Aviation regulatory bodies, guided by standards like DO-311A, focus on ensuring the airworthiness of batteries in the challenging airborne environment.

Weight Distribution:

The placement of batteries within the aircraft plays a crucial role in maintaining proper weight distribution. As batteries are typically heavy, their strategic placement is vital for maintaining stability and control during flight. Engineers must carefully design the aircraft’s structure to accommodate the weight of the batteries without compromising performance.

Lifecycle and Sustainability:

The lifecycle of batteries is a critical factor in assessing the overall sustainability of electric aircraft. The environmental impact of battery production, usage, and disposal must be carefully considered. Advancements in battery technology, such as recyclability and the use of environmentally friendly materials, are crucial for mitigating the environmental footprint of electric aviation.

Temperature Sensitivity:

Batteries are sensitive to temperature fluctuations, and this sensitivity is particularly pronounced in aircraft, where exposure to extreme temperatures during flight is common. Efficient thermal management systems are essential to ensure that batteries operate within their optimal temperature range, maximizing performance and longevity.

Charging Infrastructure:

The availability of charging infrastructure is essential for the widespread adoption of electric aircraft. Unlike ground-based electric vehicles, which can rely on a vast network of charging stations, aircraft require dedicated charging facilities at airports.

The development of efficient and rapid charging technologies is crucial to reduce ground times and enable the commercial viability of electric aircraft. Researchers are exploring various charging methods, including high-power charging systems and wireless charging technologies, to meet the specific needs of electric aircraft.

Innovation and Future Prospects:

Continuous innovation in battery technology is a driving force behind the evolution of electric aircraft. Researchers and engineers are exploring new materials, designs, and technologies to enhance energy storage capabilities and address the current limitations of batteries. Solid-state batteries, for example, hold promise for increased energy density and improved safety.


The integration of electric propulsion systems in aircraft represents a paradigm shift in the aviation industry. Batteries are the linchpin of this transition, influencing everything from range and safety to charging infrastructure and sustainability.

The integration of batteries into aircraft presents a complex set of challenges and considerations. However, the potential benefits of electric propulsion in terms of environmental sustainability, noise reduction, and energy efficiency make it a compelling alternative to conventional fossil fuel-powered engines.

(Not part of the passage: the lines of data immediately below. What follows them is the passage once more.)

Lemma galg_mulC : commutative galg_mul.
Proof.
move=> a b; apply/ffunP=> g; rewrite !ffunE (reindex_inj (inv_inj (subKr g))) /=.
by apply: eq_bigr => h _; rewrite subKr mulrC.
Qed.

Lemma galg_mul1 : left_id galg_one galg_mul.
Proof.
move=> a; apply/ffunP=> g; rewrite !ffunE (bigD1 0) //= big1 => [|h /negbTE h0].
  by rewrite ffunE eqxx mul1r subr0 addr0.
by rewrite ffunE h0 mul0r.
Qed.

Lemma galg_mulDl : left_distributive galg_mul +%R.
Proof.
move=> a b c; apply/ffunP=> g; rewrite !ffunE -big_split /=.
by apply: eq_bigr => h _; rewrite ffunE mulrDl.
Qed.

Lemma galg_mulA : associative galg_mul.
Proof.
move=> a b c; apply/ffunP=> g; rewrite !ffunE.
transitivity (\sum_k \sum_h a k * b (h - k) * c (g - h)); last first.
  by rewrite exchange_big; apply: eq_bigr => h _; rewrite ffunE mulr_suml.
apply: eq_bigr => k _; rewrite ffunE mulr_sumr [RHS](reindex_inj (addrI k)) /=.
apply: eq_bigr => l _; rewrite mulrA; congr (_ * _ * c _).
  by rewrite addrC addKr.
by rewrite opprD addrA.
Qed.

Lemma galg_one_neq0 : galg_one != 0.
Proof. by apply/eqP => /ffunP /(_ 0) /eqP; rewrite !ffunE eqxx oner_eq0. Qed.

HB.instance Definition _ := GRing.Zmodule_isComNzRing.Build galg
  galg_mulA galg_mulC galg_mul1 galg_mulDl galg_one_neq0.

Lemma galgM (a b : galg) g : (a * b) g = \sum_h a h * b (g - h).
Proof. by rewrite ffunE. Qed.

Lemma galg1 g : (1 : galg) g = (g == 0)%:R.
Proof. by rewrite ffunE. Qed.

Definition gmono (x : G) : galg := [ffun h => (h == x)%:R].

Lemma gmono0 : gmono 0 = 1.
Proof. by apply/ffunP => h; rewrite !ffunE. Qed.

Lemma gmonoD x y : gmono (x + y) = gmono x * gmono y.
Proof.
apply/ffunP => g; rewrite galgM (bigD1 x) //= big1 => [|h /negbTE hx]; last first.
  by rewrite ffunE hx mul0r.
by rewrite !ffunE eqxx mul1r addr0 subr_eq addrC.
Qed.

Lemma gmono_sum (I : Type) (r : seq I) (P : pred I) (f : I -> G) :
  gmono (\sum_(i <- r | P i) f i) = \prod_(i <- r | P i) gmono (f i).
Proof. exact: (big_morph _ gmonoD gmono0). Qed.

Lemma gmonoMn x k : gmono (x *+ k) = gmono x ^+ k.
Proof.
elim: k => [|k IH]; first by rewrite mulr0n gmono0.
by rewrite mulrS exprS gmonoD IH.
Qed.

Definition gtrace (a : galg) : F := a 0.

Lemma gtraceB : {morph gtrace : a b / a - b}.
Proof. by move=> a b; rewrite /gtrace !ffunE. Qed.

HB.instance Definition _ := GRing.isZmodMorphism.Build galg F gtrace gtraceB.

Lemma gtrace_mono x : gtrace (gmono x) = (x == 0)%:R.
Proof. by rewrite /gtrace ffunE eq_sym. Qed.

Lemma pchar_galg p : p \in [pchar F] -> p \in [pchar galg].
Proof.
move=> pFp; rewrite inE (pcharf_prime pFp); apply/eqP/ffunP => g.
by rewrite ffunMnE galg1 ffunE -mulrnA mulnC mulrnA (pcharf0 pFp) mul0rn.
Qed.

Lemma gtrace_signr m (a : galg) :
  gtrace ((-1) ^+ m * a) = (-1) ^+ m * gtrace a.
Proof.
rewrite -[in LHS]signr_odd -[in RHS]signr_odd.
by case: (odd m); rewrite ?mulN1r ?mul1r ?raddfN.
Qed.

Definition aug_prod_vanish (D : nat) :=
  forall (I : finType) (g : I -> G), (D <= #|I|)%N -> \prod_k (1 - gmono (g k)) = 0.

End GroupAlgebra.

Lemma gmono_sub1_expn_order (G : finZmodType) (F : comNzRingType) p (x : G) :
  p \in [pchar F] -> p.-nat #[x]%g -> (gmono F x - 1) ^+ #[x]%g = 0.
Proof.
move=> pFp px.
have pRx : [pchar galg G F].-nat #[x]%g.
  by apply: sub_in_pnat px => q _; rewrite inE => /eqP ->; apply: pchar_galg.
have x_order : x *+ #[x]%g = 0 := expg_order x.
by rewrite exprDn_pchar // exprNn_pchar // expr1n -gmonoMn x_order gmono0 subrr.
Qed.

Lemma pigeonhole_fiber (I J : finType) (phi : I -> J) (n : J -> nat) :
  (\sum_j (n j).-1 < #|I|)%N -> exists j, (n j <= #|[set i | phi i == j]|)%N.
Proof.
move=> I_big; suff /existsP : [exists j, n j <= #|[set i | phi i == j]|]%N by [].
apply: contraTT I_big => /existsPn small.
rewrite -leqNgt -sum1_card (partition_big phi predT) //=.
apply: leq_sum => j _; rewrite sum1dep_card.
by have := small j; rewrite cardsE -ltnNge; case: (n j).
Qed.

Section AugmentationNilpotent.
Variables (G : finZmodType) (F : comNzRingType) (r : nat) (e : 'I_r -> G) (n : 'I_r -> nat).
Hypothesis e_gen : forall g : G, exists k : 'I_r -> nat, g = \sum_j e j *+ k j.
Hypothesis e_nil : forall j, (gmono F (e j) - 1) ^+ n j = 0.

Local Notation y j := (gmono F (e j) - 1).

Lemma one_sub_gmono_span g :
  exists u : 'I_r -> galg G F, 1 - gmono F g = \sum_j y j * u j.
Proof.
have [k ->] := e_gen g; elim/big_ind: _ => [|a b [u hu] [v hv]|j _].
- by exists (fun=> 0); rewrite gmono0 subrr big1 // => j _; rewrite mulr0.
- exists (fun j => u j + v j * gmono F a).
  have -> : 1 - gmono F (a + b) = (1 - gmono F a) + (1 - gmono F b) * gmono F a.
    by rewrite gmonoD mulrBl mul1r [_ * gmono F a]mulrC addrA subrK.
  rewrite hu hv mulr_suml -big_split.
  by apply: eq_bigr => j _; rewrite mulrDr mulrA.
- pose c := \sum_(m < k j) gmono F (e j) ^+ m.
  exists (fun l => if l == j then - c else 0).
  rewrite (bigD1 j) //= eqxx big1 ?addr0 => [|l /negbTE ->]; last by rewrite mulr0.
  by rewrite gmonoMn -opprB subrX1 mulrN.
Qed.

Lemma aug_prod_vanish_basis D : (\sum_j (n j).-1 < D)%N -> aug_prod_vanish G F D.
Proof.
move=> n_lt_D I s /(leq_trans n_lt_D) n_lt_I.
have [u u_span] := fin_all_exists (fun i => one_sub_gmono_span (s i)).
rewrite (eq_bigr _ (fun i _ => u_span i)) bigA_distr_bigA /=; apply: big1 => phi _.
have [j fiber_j] := pigeonhole_fiber phi n_lt_I.
rewrite big_split /= (bigID (fun i => phi i == j)) /=.
rewrite (eq_bigr (fun _ => y j)) => [|i /eqP -> //].
by rewrite prodr_const -cardsE -(subnKC fiber_j) exprD e_nil !mul0r.
Qed.

End AugmentationNilpotent.

Section CyclicBasis.
Variables (G : finZmodType) (r : nat) (e : 'I_r -> G).
Hypothesis e_dprod : (\big[dprod/1]_(j < r) <[e j]>)%g = [set: G].

Lemma cyclic_basis_unique (c1 c2 : 'I_r -> G) :
  (forall j, c1 j \in <[e j]>%g) -> (forall j, c2 j \in <[e j]>%g) ->
  \sum_j c1 j = \sum_j c2 j -> c1 =1 c2.
Proof.
move=> c1e c2e c12 j.
have [c [_ _ c_unique]] := mem_bigdprod e_dprod (in_setT (\sum_j c1 j)).
rewrite (c_unique c1 (fun j _ => c1e j) erefl j isT).
by rewrite (c_unique c2 (fun j _ => c2e j) c12 j isT).
Qed.

Lemma cyclic_basis_span g : exists k : 'I_r -> nat, g = \sum_j e j *+ k j.
Proof.
have [c [c_e -> _]] := mem_bigdprod e_dprod (in_setT g).
have /fin_all_exists [k kP] j : exists m, c j = e j *+ m.
  by have /cycleP [m ->] := c_e j isT; exists m.
by exists k; apply: eq_bigr => j _; apply: kP.
Qed.

Lemma cyclic_basis_indep (k : 'I_r -> nat) :
  (forall j, k j < #[e j]%g)%N -> \sum_j e j *+ k j = 0 -> forall j, k j = 0%N.
Proof.
move=> k_lt k0 j; have k0' : \sum_j e j *+ k j = \sum_(j < r) (0 : G) by rewrite k0 big1.
have /eqP := cyclic_basis_unique (fun j => mem_cycle (e j) (k j)) (fun j => group1 _) k0' j.
rewrite -[_ == _]/((e j ^+ k j)%g == 1%g) -order_dvdn => order_dvd.
apply/eqP; rewrite -leqn0 leqNgt; apply/negP => /dvdn_leq/(_ order_dvd).
by rewrite leqNgt k_lt.
Qed.

Lemma cyclic_basis_inj : (forall j, 1 < #[e j]%g)%N -> injective e.
Proof.
move=> e_gt1 j l ejl; apply/eqP/negPn/negP => jl.
pose delta (i : 'I_r) (x : G) i' := if i' == i then x else 0.
have delta_sum i x : \sum_i' delta i x i' = x.
  by rewrite (bigD1 i) //= /delta eqxx big1 ?addr0 // => i' /negbTE ->.
have delta_cycle i i' : delta i (e i) i' \in <[e i']>%g.
  by rewrite /delta; case: eqP => [->|_]; [apply: cycle_id | apply: group1].
have := cyclic_basis_unique (delta_cycle j) (delta_cycle l) _ j.
rewrite !delta_sum /delta eqxx (negbTE jl) => /(_ ejl) ej0.
by have := e_gt1 j; rewrite ej0 -[0]/(1%g : G) order1.
Qed.

End CyclicBasis.

Lemma exists_cyclic_basis (G : finZmodType) : exists r (e : 'I_r -> G),
  (\big[dprod/1]_(j < r) <[e j]>)%g = [set: G] /\ forall j, (1 < #[e j]%g)%N.
Proof.
have [b defG ordb] := abelian_structure (FinRing.Theory.zmod_abelian [set: G]%G).
have := abelian_type_gt1 [set: G]%G; rewrite -ordb => /allP b_gt1.
exists (size b), (fun j => nth 0 b j); split; first by rewrite -defG (big_nth 0) big_mkord.
by move=> j; apply: b_gt1; apply: map_f; apply: mem_nth.
Qed.

Lemma sum_seq_in_codom (G : finZmodType) r (e : 'I_r -> G) (U : seq G) :
  injective e -> {subset U <= codom e} ->
  \sum_(x <- U) x = \sum_j e j *+ count_mem (e j) U.
Proof.
move=> e_inj; elim: U => [|u U IH] U_e.
  by rewrite big_nil big1 // => j _; rewrite mulr0n.
have /codomP [j0 ->] := U_e u (mem_head u U).
rewrite big_cons IH => [|x xU]; last by apply: U_e; rewrite inE xU orbT.
rewrite [RHS](eq_bigr (fun j => e j *+ (j0 == j) + e j *+ count_mem (e j) U)).
  rewrite big_split /=; congr (_ + _).
  rewrite (bigD1 j0) //= eqxx big1 ?addr0 // => j.
  by rewrite eq_sym => /negbTE ->.
by move=> j _; rewrite /= (inj_eq e_inj) mulrnDr.
Qed.

Section OlsonSequence.
Variables (G : finZmodType) (r : nat) (e : 'I_r -> G) (n : 'I_r -> nat).
Hypothesis e_inj : injective e.
Hypothesis n_gt0 : forall j, (0 < n j)%N.
Hypothesis e_indep : forall k : 'I_r -> nat,
  (forall j, k j < n j)%N -> \sum_j e j *+ k j = 0 -> forall j, k j = 0%N.

Definition olson_seq : seq G := flatten [seq nseq (n j).-1 (e j) | j <- enum 'I_r].

Lemma size_olson_seq : size olson_seq = (\sum_j (n j).-1)%N.
Proof.
rewrite size_flatten /shape -map_comp sumnE big_map big_enum /=.
by apply: eq_bigr => j _; rewrite /= size_nseq.
Qed.

Lemma count_olson_seq j : count_mem (e j) olson_seq = (n j).-1.
Proof.
rewrite count_flatten -map_comp sumnE big_map big_enum /= (bigD1 j) //=.
rewrite count_nseq /= eqxx mul1n big1 ?addn0 // => l lj.
by rewrite count_nseq /= (inj_eq e_inj) (negbTE lj).
Qed.

Lemma olson_seq_in_codom : {subset olson_seq <= codom e}.
Proof.
move=> x /flattenP [_ /mapP [j _ ->]] /nseqP [-> _].
exact: codom_f.
Qed.

Lemma olson_seq_zero_sumfree : zero_sumfree olson_seq.
Proof.
move=> [U [U_sub U_gt0 U0]].
have U_e : {subset U <= codom e}.
  move=> x xU; apply: olson_seq_in_codom.
  by rewrite -has_pred1 has_count (leq_trans _ (U_sub x)) // -has_count has_pred1.
pose k j := count_mem (e j) U.
have k_lt j : (k j < n j)%N.
  by apply: leq_ltn_trans (U_sub (e j)) _; rewrite count_olson_seq prednK.
have k0 : \sum_j e j *+ k j = 0 by rewrite -(sum_seq_in_codom e_inj U_e).
have [u uU] : exists u, u \in U by case: (U) U_gt0 => // u U' _; exists u; rewrite mem_head.
have /codomP [j ej] := U_e u uU.
have := e_indep k_lt k0 j; rewrite /k -ej => count_u0.
by move: uU; rewrite -has_pred1 has_count count_u0.
Qed.

End OlsonSequence.

Lemma aug_prod_vanish_pgroup (G : finZmodType) p D :
  prime p -> p.-nat #|G| ->
  (forall S : seq G, (D <= size S)%N -> has_nonempty_zs S) -> aug_prod_vanish G 'F_p D.
Proof.
move=> p_pr G_p D_zs; have [r [e [e_dprod e_gt1]]] := exists_cyclic_basis G.
have olson_lt_D : (\sum_j (#[e j]%g).-1 < D)%N.
  rewrite -(size_olson_seq e) ltnNge; apply/negP => /D_zs.
  apply: olson_seq_zero_sumfree (cyclic_basis_inj e_dprod e_gt1) _ (cyclic_basis_indep e_dprod).
  by move=> j; apply: order_gt0.
apply: (aug_prod_vanish_basis (cyclic_basis_span e_dprod)) olson_lt_D => j.
apply: gmono_sub1_expn_order (pchar_Fp p_pr) _.
by apply: pnat_dvd G_p; rewrite -cardsT order_dvdG ?inE.
Qed.

Section OneSubX.
Variable R : comNzRingType.

Lemma coef0_1subX_exp m : (((1 - 'X) ^+ m : {poly R}))`_0 = 1.
Proof.
elim: m => [|m IH]; first by rewrite expr0 coefC.
by rewrite exprS mulrBl mul1r coefB coefXM /= subr0 IH.
Qed.

Lemma coef1_1subX_exp m : (((1 - 'X) ^+ m : {poly R}))`_1 = - m%:R.
Proof.
elim: m => [|m IH]; first by rewrite expr0 coefC oppr0.
by rewrite exprS mulrBl mul1r coefB coefXM /= IH coef0_1subX_exp -opprD -natr1.
Qed.

Lemma map_poly_1subX_expM (S : comNzRingType) (f : {additive R -> S}) m (q : {poly R}) :
  map_poly f ((1 - 'X) ^+ m * q) = (1 - 'X) ^+ m * map_poly f q.
Proof.
elim: m => [|m IH]; first by rewrite !expr0 !mul1r.
rewrite !exprS -!mulrA -IH; apply/polyP => k.
rewrite coef_map !mulrBl !mul1r !coefB !coefXM !coef_map raddfB.
by case: k => [|k] //=; rewrite raddf0.
Qed.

Overcoming the challenges of weight sensitivity, energy density, and safety concerns is imperative for the successful integration of electric aircraft into commercial aviation. The ongoing advancements in battery technology, coupled with stringent safety standards, will determine the pace and feasibility of this electrifying journey through the skies.

As technology advances, the aviation industry must navigate the challenges and seize the opportunities presented by the electrification of flight. With careful consideration of battery technologies and their implications, a future where electric aircraft soar through the skies efficiently and sustainably is on the horizon.